The Apache Software Foundation has announced a fresh release of its platform – Apache Hadoop 3.3.0. A year and a half have passed since the last update. The platform itself is a tool for organizing distributed processing of large amounts of data using MapReduce. Hadoop includes a set of utilities, libraries, and frameworks for developing and executing distributed programs that can run on clusters of thousands of nodes.
A specialized Hadoop Distributed File System (HDFS) has been created for Hadoop, which provides data redundancy and optimization of MapReduce applications. HDFS is designed for storing large files distributed between individual nodes of a compute cluster. Due to its capabilities, Hadoop is used by the largest companies and organizations. Google even granted Hadoop the right to use technologies that affect patents related to the MapReduce method.
Here is a list of the most important changes in the new version:
- ARM-based platform support
- The version of the Protobuf (Protocol buffers) format has been updated to 3.7.1. Protobuf is used to serialize structured data.

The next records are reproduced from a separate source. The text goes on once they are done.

(* Let $\mathcal{D}=\{(\mathbf{x}_i,y_i)\}_{i\in\mathcal{D}}$ be a finite training set with inputs $\mathcal{X}=\{\mathbf{x}_i\}_{i\in\mathcal{D}}$, let $\boldsymbol{\phi}_i=\boldsymbol{\phi}(\mathbf{x}_i)\in\mathbb{R}^P$ be feature vectors, and consider the generalized linear model $f_{\mathbf{w}}^i=\boldsymbol{\phi}_i^\top\mathbf{w}$, $\mathbf{w}\in\mathbb{R}^P$. Let $A$ be the (strictly convex, differentiable) log-partition function of a scalar exponential family, $h=A'$, and define the loss $\ell(y,h(f))=-yf+A(f)$, with $\ell_i(\mathbf{w})=\ell(y_i,h(f_{\mathbf{w}}^i))$. Let $\mathcal{R}(\mathbf{w})=\tfrac12\delta\|\mathbf{w}\|^2$ with $\delta>0$, and let $$\mathbf{w}_*=\arg\min_{\mathbf{w}}\sum_{i\in\mathcal{D}}\ell_i(\mathbf{w})+\mathcal{R}(\mathbf{w}).$$ Define the K-prior with memory $\mathcal{M}=\mathcal{X}$: $$\mathcal{K}(\mathbf{w};\mathbf{w}_*,\mathcal{X})=\sum_{i\in\mathcal{X}}\ell\big(h(f_{\mathbf{w}_*}^i),h(f_{\mathbf{w}}^i)\big)+\tfrac12\delta\|\mathbf{w}-\mathbf{w}_*\|^2,$$ where $\ell(h(f_{\mathbf{w}_*}^i),h(f_{\mathbf{w}}^i))=-h(f_{\mathbf{w}_*}^i)f_{\mathbf{w}}^i+A(f_{\mathbf{w}}^i)$. Let $j\notin\mathcal{D}$ be a new example $(\mathbf{x}_j,y_j)$ and $k\in\mathcal{D}$ an existing example, and define $$\mathbf{w}_+=\arg\min_{\mathbf{w}}\sum_{i\in\mathcal{D}\cup j}\ell_i(\mathbf{w})+\mathcal{R}(\mathbf{w}),\qquad \mathbf{w}_-=\arg\min_{\mathbf{w}}\sum_{i\in\mathcal{D}\setminus k}\ell_i(\mathbf{w})+\mathcal{R}(\mathbf{w}),$$ $$\hat{\mathbf{w}}_+=\arg\min_{\mathbf{w}}\ \ell_j(\mathbf{w})+\mathcal{K}(\mathbf{w};\mathbf{w}_*,\mathcal{X}),\qquad \hat{\mathbf{w}}_-=\arg\min_{\mathbf{w}}\ -\ell_k(\mathbf{w})+\mathcal{K}(\mathbf{w};\mathbf{w}_*,\mathcal{X}).$$ Then $\mathbf{w}_+=\hat{\mathbf{w}}_+$ and $\mathbf{w}_-=\hat{\mathbf{w}}_-$.
   Context: All minimizations are over the parameter space $\mathbb{R}^P$. $\mathbf{w}_*$ is the base model trained on $\mathcal{D}$; the K-prior replaces the true labels $y_i$ by the base model's predictions $h(f_{\mathbf{w}_*}^i)$ and uses $\mathbf{w}_*$ as the center of the quadratic weight term. Example: for binary cross-entropy, $y\in\{0,1\}$, $A(f)=\log(1+e^f)$ and $h$ is the sigmoid. *)

From HB Require Import structures.
From mathcomp Require Import all_boot all_order all_algebra.
From mathcomp Require Import all_classical all_reals all_analysis.
Set Implicit Arguments. Unset Strict Implicit. Unset Printing Implicit Defensive.
Import Order.TTheory GRing.Theory Num.Theory.
Local Open Scope ring_scope.

Section Defs.
Variables (R : realType) (P : nat).

Definition dotv (u v : 'rV[R]_P) : R := \sum_(p < P) u 0 p * v 0 p.

Definition sqnorm (u : 'rV[R]_P) : R := dotv u u.

Definition is_argmin (F : 'rV[R]_P -> R) (w : 'rV[R]_P) : Prop :=
  forall v, F w <= F v.
End Defs.

Definition strictly_convex (R : realType) (A : R -> R) : Prop :=
  forall x y t : R, x != y -> 0 < t -> t < 1 ->
    A (t * x + (1 - t) * y) < t * A x + (1 - t) * A y.

(* The K-prior is the training objective in disguise.  Expanding ||w - w_*||^2
   shows that K(w) = sum_D l_i(w) + R(w) + delta/2 ||w_*||^2 - g(w), where
   g(w) = sum_D (h(f_{w_*}^i) - y_i) f_w^i + delta w_*.w is the derivative of the
   objective at w_* in the direction w, hence zero at the minimiser w_*.  So
   l_j + K and -l_k + K are the objectives over D + j and D - k up to a constant,
   and these have a unique minimiser because the regulariser makes them strictly
   convex (A itself need only be convex). *)

From HB Require Import structures.
From mathcomp Require Import all_boot all_order all_algebra.
From mathcomp Require Import all_classical all_reals all_analysis.
From mathcomp Require Import ring lra.
Set Implicit Arguments. Unset Strict Implicit. Unset Printing Implicit Defensive.
Import Order.TTheory GRing.Theory Num.Theory.
Local Open Scope ring_scope.

Section InnerProduct.
Variables (R : realType) (P : nat).
Implicit Types (u v w : 'rV[R]_P).

Lemma dotvC u v : dotv u v = dotv v u.
Proof. by apply: eq_bigr => p _; rewrite mulrC. Qed.

Lemma dotvDr u v w : dotv u (v + w) = dotv u v + dotv u w.
Proof. by rewrite /dotv -big_split; apply: eq_bigr => p _; rewrite mxE mulrDr. Qed.

Lemma dotvZr u a v : dotv u (a *: v) = a * dotv u v.
Proof. by rewrite /dotv mulr_sumr; apply: eq_bigr => p _; rewrite mxE mulrCA. Qed.

Lemma dotvNr u v : dotv u (- v) = - dotv u v.
Proof. by rewrite -scaleN1r dotvZr mulN1r. Qed.

Lemma dotvDl u v w : dotv (v + w) u = dotv v u + dotv w u.
Proof. by rewrite dotvC dotvDr !(dotvC u). Qed.

Lemma dotvZl u a v : dotv (a *: v) u = a * dotv v u.
Proof. by rewrite dotvC dotvZr dotvC. Qed.

Lemma dotvNl u v : dotv (- v) u = - dotv v u.
Proof. by rewrite dotvC dotvNr dotvC. Qed.

Lemma sqnorm_gt0 u : u != 0 -> 0 < sqnorm u.
Proof.
move=> u_neq0; have sq_ge0 p : 0 <= u 0 p * u 0 p by rewrite -expr2 sqr_ge0.
rewrite lt_def sumr_ge0 ?andbT//; apply: contra u_neq0 => /eqP/psumr_eq0P u0.
apply/eqP/matrixP => i p; rewrite ord1 mxE.
by apply/eqP; rewrite -[_ == 0]orbb -mulf_eq0 u0.
Qed.

Lemma sqnormB u v : sqnorm (u - v) = sqnorm u - 2 * dotv v u + sqnorm v.
Proof. by rewrite /sqnorm !(dotvDr, dotvDl, dotvNr, dotvNl) (dotvC u v); ring. Qed.

Lemma sqnormDZ u v s :
  sqnorm (u + s *: v) = sqnorm u + s * (2 * dotv u v) + s * (s * sqnorm v).
Proof. by rewrite /sqnorm !(dotvDr, dotvDl, dotvZr, dotvZl) (dotvC v u); ring. Qed.

Lemma sqnorm_midpoint u v :
  sqnorm (2^-1 *: (u + v)) = 2^-1 * (sqnorm u + sqnorm v) - 4^-1 * sqnorm (u - v).
Proof.
by rewrite /sqnorm !(dotvZr, dotvZl, dotvDr, dotvDl, dotvNr, dotvNl) (dotvC v u); field.
Qed.

End InnerProduct.

Section Minimizers.
Variables (R : realType) (P : nat).
Implicit Types (F G : 'rV[R]_P -> R) (u v w : 'rV[R]_P).

Lemma is_argmin_shift F G c w :
  (forall v, F v = G v + c) -> is_argmin F w -> is_argmin G w.
Proof. by move=> FE Fw v; have := Fw v; rewrite !FE lerD2r. Qed.

Lemma is_argmin_unique F w v :
  (forall u u', u != u' -> F (2^-1 *: (u + u')) < 2^-1 * (F u + F u')) ->
  is_argmin F w -> is_argmin F v -> w = v.
Proof.
move=> Fmid Fw Fv; apply/eqP/negPn/negP => /Fmid.
have := Fw (2^-1 *: (w + v)); have := Fv w; lra.
Qed.

Lemma is_argmin_derive_line F w u (dF : R -> R) :
  is_argmin F w -> (forall t : R, is_derive t 1 (fun s => F (w + s *: u)) (dF t)) ->
  dF 0 = 0.
Proof.
move=> Fw dFline.
have Fline0 : is_derive (0 : R) 1 (fun s => F (w + s *: u)) 0.
  apply: (@derive1_at_min _ _ (-1) 1) => [|t _|//|t _]; first lra.
  - by have [] := dFline t.
  - by rewrite in_itv /= ltrN10 ltr01.
  - by rewrite scale0r addr0; exact: Fw.
by case: (dFline 0) => _ <-; case: Fline0.
Qed.

End Minimizers.

Section RealDerivatives.
Variable R : realType.

Lemma is_derive1_comp (f g : R -> R) (t df dg : R) :
  is_derive t 1 f df -> is_derive (f t) 1 g dg -> is_derive t 1 (g \o f) (dg * df).
Proof.
move=> [fd fE] [gd gE].
have gfd : derivable (g \o f) t 1.
  by apply/derivable1_diffP/differentiable_comp; exact/derivable1_diffP.
by apply: DeriveDef => //; rewrite -derive1E derive1_comp // !derive1E fE gE.
Qed.

Lemma is_derive_affine (a c t : R) : is_derive t 1 (fun s => a + s * c) c.
Proof.
have -> : (fun s => a + s * c) = cst a + id * cst c by [].
have := is_deriveD (is_derive_cst a t 1)
  (is_deriveM (is_derive_id t 1) (is_derive_cst c t 1)).
by move/is_derive_eq; apply; rewrite scaler0 !add0r /GRing.scale /= mulr1.
Qed.

Lemma is_derive_quadratic (q0 q1 q2 t : R) :
  is_derive t 1 (fun s => q0 + s * q1 + s * (s * q2)) (q1 + t * (2 * q2)).
Proof.
have -> : (fun s => q0 + s * q1 + s * (s * q2)) =
    (fun s => q0 + s * q1) + (fun s => 0 + s * 1) * (fun s => 0 + s * q2).
  by apply/funext => s; rewrite !fctE /=; ring.
have := is_deriveD (is_derive_affine q0 q1 t)
  (is_deriveM (is_derive_affine 0 1 t) (is_derive_affine 0 q2 t)).
by move/is_derive_eq; apply; rewrite /GRing.scale /=; ring.
Qed.

End RealDerivatives.

Lemma is_derive_sqnorm_line (R : realType) (P : nat) (w u : 'rV[R]_P) (t : R) :
  is_derive t 1 (fun s => sqnorm (w + s *: u)) (2 * dotv (w + t *: u) u).
Proof.
under eq_fun do rewrite sqnormDZ.
have := is_derive_quadratic (sqnorm w) (2 * dotv w u) (sqnorm u) t.
by move/is_derive_eq; apply; rewrite dotvDl dotvZl /sqnorm; ring.
Qed.

Lemma strictly_convex_midpoint (R : realType) (A : R -> R) :
  strictly_convex A -> forall x z, A (2^-1 * (x + z)) <= 2^-1 * (A x + A z).
Proof.
move=> A_conv x z; have half_double (r : R) : 2^-1 * (r + r) = r by field.
have [<-|xz] := eqVneq x z; first by rewrite !half_double.
have -> : 2^-1 * (x + z) = 2^-1 * x + (1 - 2^-1) * z by field.
have -> : 2^-1 * (A x + A z) = 2^-1 * A x + (1 - 2^-1) * A z by field.
by apply/ltW/A_conv => //; lra.
Qed.

Section GeneralizedLinearModel.
Variables (R : realType) (P : nat) (I : finType) (phi : I -> 'rV[R]_P).
Variables (A h : R -> R) (delta : R).
Implicit Types (y : I -> R) (S : {set I}) (u v w : 'rV[R]_P).

Definition glm_ell y i w := - y i * dotv (phi i) w + A (dotv (phi i) w).

Definition glm_loss y S w := \sum_(i in S) glm_ell y i w.

Definition glm_obj y S w := glm_loss y S w + 2^-1 * delta * sqnorm w.

Definition kprior S w_star w :=
  glm_loss (fun i => h (dotv (phi i) w_star)) S w + 2^-1 * delta * sqnorm (w - w_star).

Lemma glm_obj_setU1 y S j w : j \notin S ->
  glm_obj y (S :|: [set j]) w = glm_ell y j w + glm_obj y S w.
Proof. by move=> jS; rewrite /glm_obj /glm_loss finset.setUC big_setU1 // addrA. Qed.

Lemma glm_obj_setD1 y S k w : k \in S ->
  glm_obj y (S :\ k) w = - glm_ell y k w + glm_obj y S w.
Proof. by move=> kS; rewrite /glm_obj /glm_loss (big_setD1 k kS) addrA addKr. Qed.

Section Uniqueness.
Hypothesis A_midconvex : forall x z, A (2^-1 * (x + z)) <= 2^-1 * (A x + A z).
Hypothesis delta_gt0 : 0 < delta.

Lemma glm_loss_midpoint y S u v :
  glm_loss y S (2^-1 *: (u + v)) <= 2^-1 * (glm_loss y S u + glm_loss y S v).
Proof.
rewrite -big_split mulr_sumr /=; apply: ler_sum => i _.
rewrite /glm_ell dotvZr dotvDr.
have := A_midconvex (dotv (phi i) u) (dotv (phi i) v); lra.
Qed.

Lemma glm_obj_midpoint y S u v : u != v ->
  glm_obj y S (2^-1 *: (u + v)) < 2^-1 * (glm_obj y S u + glm_obj y S v).
Proof.
move=> uv; have := glm_loss_midpoint y S u v.
have /sqnorm_gt0/(mulr_gt0 delta_gt0) : u - v != 0 by rewrite subr_eq0.
rewrite /glm_obj sqnorm_midpoint; lra.
Qed.

Lemma glm_obj_argmin_unique y S w v :
  is_argmin (glm_obj y S) w -> is_argmin (glm_obj y S) v -> w = v.
Proof. exact/is_argmin_unique/glm_obj_midpoint. Qed.

End Uniqueness.

Section Stationarity.
Hypothesis A_derive : forall x : R, is_derive x 1 A (h x).

Lemma is_derive_glm_loss_line y S w u (t : R) :
  is_derive t 1 (fun s => glm_loss y S (w + s *: u))
    (\sum_(i in S) (h (dotv (phi i) (w + t *: u)) - y i) * dotv (phi i) u).
Proof.
rewrite /glm_loss -fct_sumE.
elim/big_rec2: _ => [|i F dF _ dF_F]; first exact: is_derive_cst.
apply: is_deriveD dF_F; rewrite /glm_ell.
set a := dotv (phi i) w; set c := dotv (phi i) u.
under eq_fun do rewrite dotvDr dotvZr -/a -/c.
have -> : (fun s => - y i * (a + s * c) + A (a + s * c)) =
    (fun s => - y i * a + s * (- y i * c)) + (A \o (fun s => a + s * c)).
  by apply/funext => s; rewrite !fctE /=; ring.
have := is_deriveD (is_derive_affine (- y i * a) (- y i * c) t)
  (is_derive1_comp (is_derive_affine a c t) (A_derive _)).
by move/is_derive_eq; apply; rewrite dotvDr dotvZr -/a -/c; ring.
Qed.

Lemma glm_obj_stationary y S w : is_argmin (glm_obj y S) w -> forall u,
  \sum_(i in S) (h (dotv (phi i) w) - y i) * dotv (phi i) u + delta * dotv w u = 0.
Proof.
move=> w_min u.
pose dF t := \sum_(i in S) (h (dotv (phi i) (w + t *: u)) - y i) * dotv (phi i) u
  + (2^-1 * delta) *: (2 * dotv (w + t *: u) u).
have <- : dF 0 =
    \sum_(i in S) (h (dotv (phi i) w) - y i) * dotv (phi i) u + delta * dotv w u.
  by rewrite /dF scale0r addr0 /GRing.scale /=; congr (_ + _); field.
apply: (is_argmin_derive_line w_min) => t.
exact: is_deriveD (is_derive_glm_loss_line _ _ _ _ _)
  (is_deriveZ _ (is_derive_sqnorm_line _ _ _)).
Qed.

Lemma kpriorE y S w_star w : is_argmin (glm_obj y S) w_star ->
  kprior S w_star w = glm_obj y S w + 2^-1 * delta * sqnorm w_star.
Proof.
move=> /glm_obj_stationary/(_ w) grad0; rewrite /kprior /glm_obj sqnormB.
have -> : glm_loss (fun i => h (dotv (phi i) w_star)) S w = glm_loss y S w
    - \sum_(i in S) (h (dotv (phi i) w_star) - y i) * dotv (phi i) w.
  by rewrite /glm_loss -sumrB; apply: eq_bigr => i _; rewrite /glm_ell; ring.
lra.
Qed.

End Stationarity.
End GeneralizedLinearModel.

Theorem theorem1 (R : realType) (P : nat) (I : finType)
  (phi : I -> 'rV[R]_P) (y : I -> R) (A h : R -> R) (delta : R)
  (D : {set I}) (j k : I)
  (w_star w_plus w_minus what_plus what_minus : 'rV[R]_P) :
  strictly_convex A ->
  (forall x : R, is_derive x 1 A (h x)) ->
  0 < delta ->
  j \notin D -> k \in D ->
  let f (w : 'rV[R]_P) i := dotv (phi i) w in
  let ell (i : I) (w : 'rV[R]_P) := - y i * f w i + A (f w i) in
  let Reg (w : 'rV[R]_P) := 2^-1 * delta * sqnorm w in
  let Kprior (w : 'rV[R]_P) :=
    \sum_(i in D) (- h (f w_star i) * f w i + A (f w i))
    + 2^-1 * delta * sqnorm (w - w_star) in
  is_argmin (fun w => \sum_(i in D) ell i w + Reg w) w_star ->
  is_argmin (fun w => \sum_(i in D :|: [set j]) ell i w + Reg w) w_plus ->
  is_argmin (fun w => \sum_(i in D :\ k) ell i w + Reg w) w_minus ->
  is_argmin (fun w => ell j w + Kprior w) what_plus ->
  is_argmin (fun w => - ell k w + Kprior w) what_minus ->
  w_plus = what_plus /\ w_minus = what_minus.
Proof.
move=> A_conv A_derive delta_gt0 jD kD f ell Reg Kprior.
move=> w_star_min w_plus_min w_minus_min what_plus_min what_minus_min.
have A_mid := strictly_convex_midpoint A_conv.
have KpriorE w : Kprior w = glm_obj phi A delta y D w + 2^-1 * delta * sqnorm w_star.
  exact: (kpriorE A_derive (y := y) (S := D) w w_star_min).
split.
- apply: (glm_obj_argmin_unique A_mid delta_gt0 w_plus_min).
  apply: is_argmin_shift what_plus_min => v.
  by rewrite KpriorE glm_obj_setU1 // addrA.
- apply: (glm_obj_argmin_unique A_mid delta_gt0 w_minus_min).
  apply: is_argmin_shift what_minus_min => v.
  by rewrite KpriorE glm_obj_setD1 // addrA.
Qed.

- Added Delegation Token (authentication) for S3A connector, improved support for caching 404 responses, plus improved S3guard performance and overall reliability.
- Added DNS Resolution service, which allows clients to identify servers via DNS by hostnames. Accordingly, there is no need to add all hosts in the settings.

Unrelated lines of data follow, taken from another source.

(* Let $J\in\mathfrak{so}(\mathfrak a)$ be a non-singular skew-symmetric endomorphism of a Euclidean space $\mathfrak a$, and let $V=\mathbb R J$ with any inner product. Then $(V,\langle\cdot,\cdot\rangle)$ is a WS-pair; in fact for every $X\in\mathfrak a$ there exists $N\in O(\mathfrak a)$ with $NJN^{-1}=-J$ and $NX=-X$.
   Context: For a Euclidean space $\mathfrak a$, a subspace $V\subset\mathfrak{so}(\mathfrak a)$ with inner product $\langle\cdot,\cdot\rangle$ defines the metric 2-step nilpotent Lie algebra $\mathfrak n=V\oplus\mathfrak a$ (orthogonal sum, $V$ central, $\langle J,[X,Y]\rangle=\langle JX,Y\rangle$ for $J\in V$, $X,Y\in\mathfrak a$). It is a WS-pair if the corresponding simply connected nilpotent Lie group with left-invariant metric is weakly symmetric (any two points can be interchanged by an isometry). Standing fact: $(V,\langle\cdot,\cdot\rangle)$ is a WS-pair iff for every $J\in V$ and $X\in\mathfrak a$ there is $N$ in the orthogonal normalizer $\mathcal N(V)=\{N\in O(\mathfrak a): NVN^{-1}\subset V \text{ and } K\mapsto NKN^{-1} \text{ is an orthogonal map of } (V,\langle\cdot,\cdot\rangle)\}$ with $NX=-X$ and $NJ=-JN$. *)

(* Euclidean space a = 'cV[R]_n with the standard inner
   product; endomorphisms of a = 'M[R]_n acting by left multiplication. *)
From HB Require Import structures.
From mathcomp Require Import all_boot all_order all_algebra.
From mathcomp Require Import reals.
Set Implicit Arguments. Unset Strict Implicit. Unset Printing Implicit Defensive.
Import Order.TTheory GRing.Theory Num.Theory.
Local Open Scope ring_scope.

Section Defs.
Variables (R : realType) (n : nat).

Definition skew_sym (A : 'M[R]_n) : Prop := A^T = - A.

Definition orth_mx (N : 'M[R]_n) : Prop := N^T *m N = 1%:M.

Definition is_so_subspace (V : 'M[R]_n -> Prop) : Prop :=
  V 0 /\ (forall (c : R) K L, V K -> V L -> V (c *: K + L)) /\
  (forall K, V K -> skew_sym K).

- The YARN (Yet Another Resource Negotiator) application directory is now searchable.
- Added support for scheduling OPPORTUNISTIC containers to run via Resource Manager.
- Added support for Java 11.
- Added support for the Tencent Cloud COS file system, which is required to access COS object storage.
Because Hadoop is actively developing, the market for solutions based on it is snowballing. If, in 2019, the market volume was about $ 1.7 billion, then, according to experts, by 2024, it will reach $ 9.4 billion.